Introduction Practical applications of self-tuners have been reported by number of investigators (Lee and Yu, 1997, Birchfield, 1996, Lee et. al., 1992, Csaki et. al., 1978, Kallstrom et. al., 1978, Keviczky et. al., 1978, Dumont and Belanger, 1978, Horn 1978, Dumont 1977, Kallstrom et. al., 1977, Borrison and Syding, 1976, Cegrell and Hedqvist, 1975, Jensen and Hansel 1974, Kallstrom 1974, Clarke et. al., 1973). Model Predictive Control, or MPC, is an advanced method of process control that has been in use in the process industries such as chemical plants and oil refineries since the 1980s. Model predictive controllers rely on dynamic models of the process, most often linear empirical models obtained by system identification. The applied models are determined to depict the behavior of complex dynamical systems. The models shall compensate for the impact of non-linearity of variables and the chasm caused by non-coherent process devolution. The models are used to predict the behavior of dependent variables (i.e. outputs) of the modeled dynamical system with respect to changes in the process independent variables (i.e. inputs). In chemical processes, independent variables are most often set points of regulatory controllers that govern valve movement (e.g. valve position with or without flow, temperature or pressure controller cascades), while dependent variables are most often constraints in the process (e.g. product purity, Euler-Lagrange equations) a cost-minimizing control

equipment safe operating limits). The model predictive controller uses the models and current plant measurements to calculate future moves in the independent variables that will result in operation that honors all independent and dependent variable constraints. The MPC then sends this set of independent variable moves to the corresponding regulatory controller set points to be implemented in the process. Linear MPC approaches are used in the majority of applications with the feedback mechanism of the MPC compensating for prediction errors due to structural mismatch between the model and the process. In model predictive controllers that consist only of linear models, the superposition principle of linear algebra enables the effect of changes in multiple independent variables to be added together to predict the response of the dependent variables. This simplifies the control problem to a series of direct matrix algebra calculations that are fast and robust. When linear models are not sufficiently accurate because of process nonlinearities, the process can be controlled with nonlinear MPC. Nonlinear MPC utilizes a nonlinear model directly in the control application. The nonlinear model may be in the form of an empirical data fit (e.g. artificial neural networks) or a high fidelity model based on fundamentals such as mass, species, and energy balances. The nonlinear model may be linearized to derive a Kalman (1958) filter or specify a model for linear MPC. The time derivatives may be set to zero (steady state) for applications of real-time optimization or data reconciliation. Alternatively, the nonlinear model may be used directly in nonlinear model predictive control and nonlinear estimation (e.g. moving horizon estimation). A reliable nonlinear model is a core component of simulation, estimation, and control applications.

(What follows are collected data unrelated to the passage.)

(* N = n.+1 dependent variables v^alpha, alpha : 'I_n.+1 (ord0 is v^1).     *)
(* A jet variable v^alpha_k is a pair (alpha, k) : var.                       *)
(* An element  sum_{i>=m} P_i/(v^1_x)^i  is expanded uniquely into monomials *)
(*   prod_{(alpha,k)} (v^alpha_k)^{e(alpha,k)},                               *)
(* where e(alpha,k) >= 0 for (alpha,k) <> (1,1) and the exponent of v^1_x    *)
(* is an arbitrary integer (= -i); the v^alpha (k = 0) exponents give the    *)
(* power-series part over C[[v^1..v^N]].  An element of \hat A^{rt}_v is      *)
(* a coefficient function  ser : nat (power of eps) -> mon -> K.             *)

Section MiuraModel.
Variable K : fieldType.
Variable n : nat.

Definition var := ('I_n.+1 * nat)%type.
Definition v1 : var := (ord0, 0%N).
Definition v1x : var := (ord0, 1%N).
Definition nextvar (x : var) : var := (x.1, x.2.+1).

Definition mon := var -> int.
Definition mon0 : mon := fun _ => 0.
Definition mon_single (y : var) (z : int) : mon := fun x => if x == y then z else 0.
Definition mon_add (a b : mon) : mon := fun x => a x + b x.
Definition mon_sub (a b : mon) : mon := fun x => a x - b x.

Definition admissible (m : mon) : Prop :=
  finite_set [set x | m x != 0] /\ (forall x, x != v1x -> 0 <= m x).

Definition weight (m : mon) : int := \sum_(x \in [set: var]) (x.2%:Z * m x).

Definition ser := nat -> mon -> K.

Definition ser_zero : ser := fun _ _ => 0.
Definition ser_one : ser := fun j m => ((j == 0)%N && (m == mon0))%:R.
Definition ser_mono (x : var) (z : int) : ser :=
  fun j m => ((j == 0)%N && (m == mon_single x z))%:R.
Definition ser_sub (a b : ser) : ser := fun j m => a j m - b j m.

Definition ser_mul (a b : ser) : ser := fun j m =>
  \sum_(p \in [set p : nat * mon | (p.1 <= j)%N])
     (a p.1 p.2 * b (j - p.1)%N (mon_sub m p.2)).

Definition ser_pow (a : ser) (k : nat) : ser := iter k (ser_mul a) ser_one.

(* total x-derivative: d/dx v^alpha_k = v^alpha_{k+1} *)
Definition ser_D (a : ser) : ser := fun j m =>
  \sum_(x \in [set: var])
     ((m x + 1)%:~R * a j (mon_add m (mon_sub (mon_single x 1) (mon_single (nextvar x) 1)))).

Definition dpart (x : var) (a : ser) : ser := fun j m =>
  (m x + 1)%:~R * a j (mon_add m (mon_single x 1)).

(* inverse of an element a = v^1_x + O(eps):
   1/(v^1_x + h) = sum_k (-1)^k h^k (v^1_x)^(-k-1), eps-adically convergent *)
Definition inv_v1x (a : ser) : ser := fun j m =>
  \sum_(k < j.+1)
     ((-1) ^+ k * ser_mul (ser_mono v1x (- (k.+1)%:Z))
                          (ser_pow (ser_sub a (ser_mono v1x 1)) k) j m).

Definition ser_ipow (a : ser) (z : int) : ser :=
  match z with
  | Posz k => ser_pow a k
  | Negz k => ser_pow (inv_v1x a) k.+1
  end.

Definition pol (a : ser) : ser := fun j m => if 0 <= m v1x then a j m else 0.

(* a is in \hat A^{rt,[d]} (deg eps = -1): eps^j-coefficient has degree d+j *)
Definition in_Art (d : int) (a : ser) : Prop :=
  forall j m, a j m != 0 -> admissible m /\ weight m = d + j%:Z.

Definition tame (a : ser) : Prop :=
  forall j, exists C : nat, forall m, a j m != 0 ->
    forall x : var, x != v1x -> (C < x.2)%N -> m x = 0.

(* rational Miura transformation v^alpha |-> u^alpha = v^alpha + eps f^alpha,
   f^alpha in \hat A^{rt,t,[1]}; u alpha is the element u^alpha(v;eps) *)
Definition rat_miura (u : 'I_n.+1 -> ser) : Prop :=
  forall alpha,
    [/\ (forall m, u alpha 0%N m = (m == mon_single (alpha, 0%N) 1)%:R),
        in_Art 1 (fun j => u alpha j.+1) & tame (fun j => u alpha j.+1)].

(* image of the jet variable v^alpha_k under v^beta |-> u^beta : d^k u^alpha *)
Definition img (u : 'I_n.+1 -> ser) (x : var) : ser := iter x.2 ser_D (u x.1).

Definition img_mon (u : 'I_n.+1 -> ser) (e : mon) : ser :=
  \big[ser_mul/ser_one]_(x \in [set: var]) ser_ipow (img u x) (e x).

Definition subst (u : 'I_n.+1 -> ser) (g : ser) : ser := fun j m =>
  \sum_(p \in [set p : nat * mon | (p.1 <= j)%N])
     (g p.1 p.2 * img_mon u p.2 (j - p.1)%N m).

Theory behind MPC MPC is based on iterative, finite horizon optimization of a plant model. At time t the current plant state is sampled and a cost minimizing control strategy is computed (via a numerical minimization algorithm) for a relatively short time horizon in the future: [t,t + T]. Specifically, an online or on-the-fly calculation is used to explore state trajectories that emanate from the current state and find (via the solution of NMPC problem, before proceeding to the next one, which is suitably initialized.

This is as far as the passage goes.